Aldo, the leader of Richie’s pack and nephew of the neighborhood mob boss, spells it out to Richie in a few brutal strokes: “Problem with you, man, is you think you got options. You don’t. You ain’t gonna work some stupid job, and even if you do, you won’t last. Know why? Because guys like us ain’t got the temperament for crap, and it’s only a matter of time before you’d fuck it up. Why wind up a petty criminal, out there on your own, when you could work for Uncle Lou instead? Don’t make no sense.”

It’s familiar literary territory, yet you won’t be thinking of predecessors or influences when you read DANGEROUS BOYS. All you’ll be thinking about is, what do you do when the guys you’ve been best friends with all your life — the ones who have your back no matter what, the ones whose bonds make no room for the women in their lives — are the ones who will almost certainly bring you down?

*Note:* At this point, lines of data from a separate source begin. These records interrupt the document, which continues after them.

Lemma sumZ_widen d a M M' : (M <= M')%N ->
  \sum_(k < M) d k *: a k = \sum_(k < M') (if (k < M)%N then d k else 0) *: a k.
Proof.
move=> MM'; rewrite (big_ord_widen M' (fun k => d k *: a k) MM') big_mkcond /=.
by apply: eq_bigr => k _; case: ifP => _; rewrite ?scale0r.
Qed.

Lemma sumZ_split_lt d a N M :
  \sum_(k < M) d k *: a k = \sum_(k < M) (if (k < N)%N then d k else 0) *: a k
                          + \sum_(k < M) (if (k < N)%N then 0 else d k) *: a k.
Proof.
rewrite -big_split /=; apply: eq_bigr => k _.
by case: ifP => _; rewrite scale0r ?addr0 ?add0r.
Qed.

Lemma sumZ_split_eq d a p M :
  \sum_(k < M) d k *: a k = \sum_(k < M) (if k == p :> nat then 0 else d k) *: a k
                          + (if (p < M)%N then d p else 0) *: a p.
Proof.
have -> : \sum_(k < M) d k *: a k = \sum_(k < M) (if k == p :> nat then 0 else d k) *: a k
     + \sum_(k < M) (if k == p :> nat then d p *: a p else 0).
  rewrite -big_split /=; apply: eq_bigr => k _.
  by case: eqP => [->|_]; rewrite ?scale0r ?add0r ?addr0.
congr (_ + _); rewrite -big_mkcond /=; case: (ltnP p M) => pM.
  by rewrite (big_pred1 (Ordinal pM)).
rewrite big_pred0 ?scale0r // => k; apply/negP => /eqP kp.
by move: (ltn_ord k); rewrite kp ltnNge pM.
Qed.

Lemma sumZ_sub_delta d a (c : R) p M : (p < M)%N ->
  \sum_(k < M) (c * d k - (if k == p :> nat then c else 0)) *: a k
    = c *: (\sum_(k < M) d k *: a k - a p).
Proof.
move=> pM; under eq_bigr do rewrite scalerBl.
rewrite sumrB scalerBr scaler_sumr; congr (_ - _).
  by apply: eq_bigr => k _; rewrite scalerA.
rewrite (bigD1 (Ordinal pM)) //= eqxx big1 ?addr0 // => k.
by rewrite -val_eqE /= => /negbTE ->; rewrite scale0r.
Qed.

End Sums.

Lemma nbhs0_sumZ_small {R : realType} {E : topologicalLmodType R} (a : nat -> E) (m : nat)
    (U : set E) : nbhs 0 U ->
  exists2 del : R, 0 < del & forall (d : nat -> R) M, (forall k, (k < m)%N -> `|d k| < del) ->
    (forall k, (m <= k)%N -> d k = 0) -> U (\sum_(k < M) d k *: a k).
Proof.
elim: m U => [|m IH] U U0.
  exists 1 => // d M _ d0; rewrite big1; first exact: nbhs_singleton.
  by move=> k _; rewrite d0 ?scale0r.
have [V V0 VVU] := nbhs0_split_add U0.
have [d1 d10 h1] := IH V V0.
have /nbhs_ballP [d2 d20 h2] : nbhs (0 : R^o) [set t : R | V (t *: a m)].
  by move: (@continuous_scalel _ _ (a m) 0 V); rewrite scale0r; apply.
exists (Num.min d1 d2); first by rewrite lt_min d10.
move=> d M dsmall dm; rewrite (sumZ_split_eq _ _ m); apply: VVU.
  apply: (h1 (fun k => if k == m then 0 else d k)).
    move=> k km; case: eqP => [_|_]; first by rewrite normr0.
    by apply: lt_le_trans (dsmall k (ltnW km)) _; rewrite ge_min lexx.
  move=> k mk; case: eqP => // /eqP km; apply: dm.
  by rewrite ltn_neqAle eq_sym km.
apply: h2; rewrite /ball /= sub0r normrN.
case: ifP => _; last by rewrite normr0.
by apply: lt_le_trans (dsmall m (ltnSn m)) _; rewrite ge_min lexx orbT.
Qed.

Lemma cvg_comp_geq {T : topologicalType} (u : nat -> T) (phi : nat -> nat) (l : T) :
  (forall n, (n <= phi n)%N) -> u @ \oo --> l -> (u \o phi) @ \oo --> l.
Proof.
move=> phi_ge ul U /ul [N _ NU]; exists N => // n /= Nn.
exact/NU/(leq_trans Nn (phi_ge n)).
Qed.

Section BlockDecomposition.
Variable next : nat -> nat.

Fixpoint block_start (k : nat) : nat :=
  if k is k'.+1 then
    (if k'.+1 == next (block_start k') then k'.+1 else block_start k')
  else 0.

Lemma block_startD s i :
  block_start s = s -> (s + i < next s)%N -> block_start (s + i)%N = s.
Proof.
move=> bs; elim: i => [|i IH] hi; first by rewrite addn0.
move: hi; rewrite addnS => hi /=; rewrite IH ?(ltnW hi) //.
by rewrite ifN // neq_ltn hi.
Qed.

Hypothesis next_gt : forall s, (s < next s)%N.

Lemma block_start_next s : block_start s = s -> block_start (next s) = next s.
Proof.
move=> bs; have e : next s = (s + (next s - s.+1)).+1%N.
  by rewrite -addnS subnSK ?subnKC // ltnW.
by rewrite [in LHS]e /= block_startD // -?e ?eqxx // -ltnS -e.
Qed.

Lemma block_start_iter j : block_start (iter j next 0) = iter j next 0.
Proof. by elim: j => [|j IH] //=; rewrite block_start_next. Qed.

Lemma iter_next_ge j : (j <= iter j next 0)%N.
Proof. by elim: j => [|j IH] //=; apply: leq_ltn_trans IH (next_gt _). Qed.

End BlockDecomposition.

Section GlidingHump.
Context {R : realType} {E : topologicalLmodType R}.

Lemma sumZ_glued_block (next : nat -> nat) (D : nat -> nat -> R) (a : nat -> E) s :
  (s <= next s)%N -> block_start next s = s -> (forall k, (k < s)%N -> D s k = 0) ->
  \sum_(k < next s) D (block_start next k) k *: a k
    - \sum_(k < s) D (block_start next k) k *: a k = \sum_(k < next s) D s k *: a k.
Proof.
move=> s_le bs Ds0.
rewrite (big_ord_diff (fun k => D (block_start next k) k *: a k)) // (sumZ_supp_ge _ _ Ds0).
apply: eq_big_nat => k /andP[sk kM].
by rewrite -(subnKC sk) block_startD // subnKC.
Qed.

Lemma RN_convergent_tail_small (a : nat -> E) : RN_convergent a ->
  forall U : set E, nbhs 0 U -> exists N, forall (d : nat -> R) M,
    (forall k, (k < N)%N -> d k = 0) -> U (\sum_(k < M) d k *: a k).
Proof.
move=> acvg U U0; apply: contrapT => noN.
have bad N : exists dM : (nat -> R) * nat,
    (forall k, (k < N)%N -> dM.1 k = 0) /\ ~ U (\sum_(k < dM.2) dM.1 k *: a k).
  apply: contrapT => /forallNP noDM; apply: noN; exists N => d M d0.
  by apply: contrapT => dMU; apply: (noDM (d, M)).
have [DM DMP] := choice bad.
pose D N := (DM N).1; pose next N := (DM N).2.
have next_gt s : (s < next s)%N.
  rewrite ltnNge; apply/negP => next_le; have [D0 notU] := DMP s; apply: notU.
  rewrite big1; first exact: nbhs_singleton.
  by move=> i _; rewrite D0 ?scale0r //; apply: leq_trans (ltn_ord i) next_le.
(* Glue the bad blocks along [[s, next s)] starting from 0: the glued series
   converges, so its block differences tend to 0, yet none of them is in U. *)
pose S n := \sum_(k < n) D (block_start next k) k *: a k.
have [l Sl] := acvg (fun k => D (block_start next k) k).
pose st j := iter j next 0.
have blocks0 : (fun j => S (st j.+1) - S (st j)) @ \oo --> l - l.
  apply: cvg_lmodB.
    apply: (@cvg_comp_geq _ S (fun j => st j.+1)) => // n.
    exact: leq_trans (iter_next_ge next_gt n) (ltnW (next_gt _)).
  by apply: (@cvg_comp_geq _ S st) => // n; exact: iter_next_ge.
rewrite subrr in blocks0; have [N _ NU] := blocks0 U U0.
have [D0 notU] := DMP (st N).
have hump : S (st N.+1) - S (st N) = \sum_(k < next (st N)) D (st N) k *: a k :=
  sumZ_glued_block a (ltnW (next_gt (st N))) (block_start_iter next_gt N) D0.
exact: notU (eq_ind _ U (NU N (leqnn N)) _ hump).
Qed.

End GlidingHump.

Lemma closure_continuous_map {T U : topologicalType} (g : T -> U) (A : set T) (B : set U) x :
  continuous g -> (forall y, A y -> B (g y)) -> closure A x -> closure B (g x).
Proof.
move=> gC AB Ax C Cgx; have [y [Ay Cgy]] := Ax _ (gC x C Cgx).
by exists (g y); split => //; apply: AB.
Qed.

Lemma closure_closure {T : topologicalType} (A : set T) : closure (closure A) = closure A.
Proof. by rewrite -(closure_id (closure A)).1 //; exact: closed_closure. Qed.

Lemma homo_ltn_geq (q : nat -> nat) : {homo q : i j / (i < j)%N} -> forall j, (j <= q j)%N.
Proof. by move=> q_lt; elim=> // j IH; apply: leq_ltn_trans IH (q_lt _ _ (ltnSn j)). Qed.

Definition coordinates_controlled {R : realType} {E : topologicalLmodType R} (b : nat -> E) :=
  forall J, exists N (V : set E), nbhs 0 V /\ forall (r : nat -> R) n, (N <= n)%N ->
    V (\sum_(j < n) r j *: b j) -> forall j, (j < J)%N -> `|r j| < 1.

Section Subsequence.
Context {R : realType} {E : topologicalLmodType R}.
Variable a : nat -> E.
Hypothesis a_cvg : RN_convergent a.

Definition unchosen (J : nat) (f : nat -> nat) (k : nat) := forall j, (j < J)%N -> f j != k.

Lemma chosenP J f k : ~ unchosen J f k -> exists2 j, (j < J)%N & f j = k.
Proof.
move=> chosen; apply: contrapT => noj; apply: chosen => j jJ.
by apply/eqP => fjk; apply: noj; exists j.
Qed.

Definition coord_control J f m (V : set E) : Prop :=
  [/\ nbhs 0 V, (forall j, (j < J)%N -> (f j < m)%N) &
   forall (d : nat -> R) M, (m <= M)%N -> (forall k, (k < m)%N -> unchosen J f k -> d k = 0) ->
     V (\sum_(k < M) d k *: a k) -> forall j, (j < J)%N -> `|d (f j)| < 1].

For Richie, it will take the planning and execution of a big-time crime — one that will almost certainly come with a terrifying body count — to arrive at his answer.

And it’s an answer you will be desperate to know and unable to guess, making DANGEROUS BOYS a coming-of-age page-turner of the first rank.


There are some things I could criticize about CITY OF GRUDGES as a crime novel. It’s heavy on exposition and, until its final pages, light on incident. Its cast sometimes seems too wide and its members tend to tiptoe in and out of the narrative in too-tidily stage-managed intervals, and many of the most-named folks rarely appear on stage at all. The lengthy history lessons sometimes feel like the languid monologues of a drunk at the end of a bar.

And the novel goes out of its way to portray Walker Holmes, the scrappy investigative reporter/editor/publisher of a scrappy independent weekly with a crusading bent, as a loner outside the local power structure — but for a loner, he’s got an awful lot of friends.

I could criticize, but I won’t, because somehow the whole succeeds despite the parts, which form a plot too complicated to unpack in a few sentences. Suffice it to say that it involves corruption at the highest levels of Pensacola, Florida’s private and public sectors, a suicide that probably isn’t a suicide, and blood feuds that mostly go back decades.

I suspect that CITY OF GRUDGES aims less to be a commercially slick crime novel than a charmingly cockeyed love letter to the author’s hometown of Pensacola, Florida. (It comes as no surprise to learn that author Rick Outzen is the editor and publisher of Pensacola’s alternative weekly newspaper.) And at that it succeeds marvelously.

CITY OF GRUDGES, like its journalist author, is an exceedingly competent piece of work — and no more so than when it makes Pensacola a lead character of sorts. Whatever else your takeaways are from this novel, you’ll know Pensacola — both as its own cheerfully corrupt creature and as an avatar of cheerfully avaricious Southernness — and you’ll be better for it.